■ EXERCISE BRIEF ■
With nothing added or dropped, copy the data that follows exactly.

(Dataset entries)
※ ※ ※

Lemma card_class_support_subcent1_bounds x : x \in G -> x \notin 'Z(G) ->
  (#|G| <= 2 * #|S x|)%N /\ (#|'Z(G)| + #|S x| < #|G|)%N.
Proof.
move=> Gx nZx; rewrite card_class_support_subcent1 //.
have iGC := indexg_subcent1_gt1 Gx nZx.
have /andP[sZC /negP nsCZ] := center_proper_subcent1 Gx nZx.
have iCZ : (1 < #|'C_G[x] : 'Z(G)|)%N by rewrite indexg_gt1; apply/negP.
have Z_gt0 := cardG_gt0 'Z(G).
rewrite -(Lagrange (subcent1_sub x G)) -(Lagrange sZC).
move: iGC iCZ Z_gt0; rewrite /=; set i := #|G : _|; set k := #|_ : _|; set z := #|_|.
move=> *; split; nia.
Qed.

Lemma abelian_of_selfnorm_overgroups : abelian G.
Proof.
apply: contraT => nabG.
have [x Gx nZx] := noncentral_elt nabG.
have [ge_x lt_x] := card_class_support_subcent1_bounds Gx nZx.
have [y Gy] : exists2 y, y \in G & y \notin 'Z(G) :|: S x.
  apply/subsetPn/negP => /subset_leq_card.
  by rewrite cardsU center_class_support_disjoint cards0 subn0 leqNgt lt_x.
rewrite inE negb_or => /andP[nZy nSxy].
have [ge_y _] := card_class_support_subcent1_bounds Gy nZy.
have sZSG : 'Z(G) :|: (S x :|: S y) \subset G.
  by rewrite !subUset center_sub !class_support_subG ?subDset ?subsetU ?subcent1_sub ?orbT.
move: (subset_leq_card sZSG).
rewrite cardsU setIUr !center_class_support_disjoint setU0 cards0 subn0.
rewrite cardsU (class_support_subcent1_disjoint Gx nZx Gy nZy nSxy) cards0 subn0.
have Z_gt0 : (0 < #|'Z(G)|)%N := cardG_gt0 _.
move: ge_x ge_y Z_gt0; set g := #|G|; set z := #|'Z(G)|; set a := #|S x|; set b := #|S y|.
lia.
Qed.

End SelfNormalizingOvergroups.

※ ※ ※

■ EXERCISE ANSWER ■
Lemma card_class_support_subcent1_bounds x : x \in G -> x \notin 'Z(G) ->
  (#|G| <= 2 * #|S x|)%N /\ (#|'Z(G)| + #|S x| < #|G|)%N.
Proof.
move=> Gx nZx; rewrite card_class_support_subcent1 //.
have iGC := indexg_subcent1_gt1 Gx nZx.
have /andP[sZC /negP nsCZ] := center_proper_subcent1 Gx nZx.
have iCZ : (1 < #|'C_G[x] : 'Z(G)|)%N by rewrite indexg_gt1; apply/negP.
have Z_gt0 := cardG_gt0 'Z(G).
rewrite -(Lagrange (subcent1_sub x G)) -(Lagrange sZC).
move: iGC iCZ Z_gt0; rewrite /=; set i := #|G : _|; set k := #|_ : _|; set z := #|_|.
move=> *; split; nia.
Qed.

Lemma abelian_of_selfnorm_overgroups : abelian G.
Proof.
apply: contraT => nabG.
have [x Gx nZx] := noncentral_elt nabG.
have [ge_x lt_x] := card_class_support_subcent1_bounds Gx nZx.
have [y Gy] : exists2 y, y \in G & y \notin 'Z(G) :|: S x.
  apply/subsetPn/negP => /subset_leq_card.
  by rewrite cardsU center_class_support_disjoint cards0 subn0 leqNgt lt_x.
rewrite inE negb_or => /andP[nZy nSxy].
have [ge_y _] := card_class_support_subcent1_bounds Gy nZy.
have sZSG : 'Z(G) :|: (S x :|: S y) \subset G.
  by rewrite !subUset center_sub !class_support_subG ?subDset ?subsetU ?subcent1_sub ?orbT.
move: (subset_leq_card sZSG).
rewrite cardsU setIUr !center_class_support_disjoint setU0 cards0 subn0.
rewrite cardsU (class_support_subcent1_disjoint Gx nZx Gy nZy nSxy) cards0 subn0.
have Z_gt0 : (0 < #|'Z(G)|)%N := cardG_gt0 _.
move: ge_x ge_y Z_gt0; set g := #|G|; set z := #|'Z(G)|; set a := #|S x|; set b := #|S y|.
lia.
Qed.

End SelfNormalizingOvergroups.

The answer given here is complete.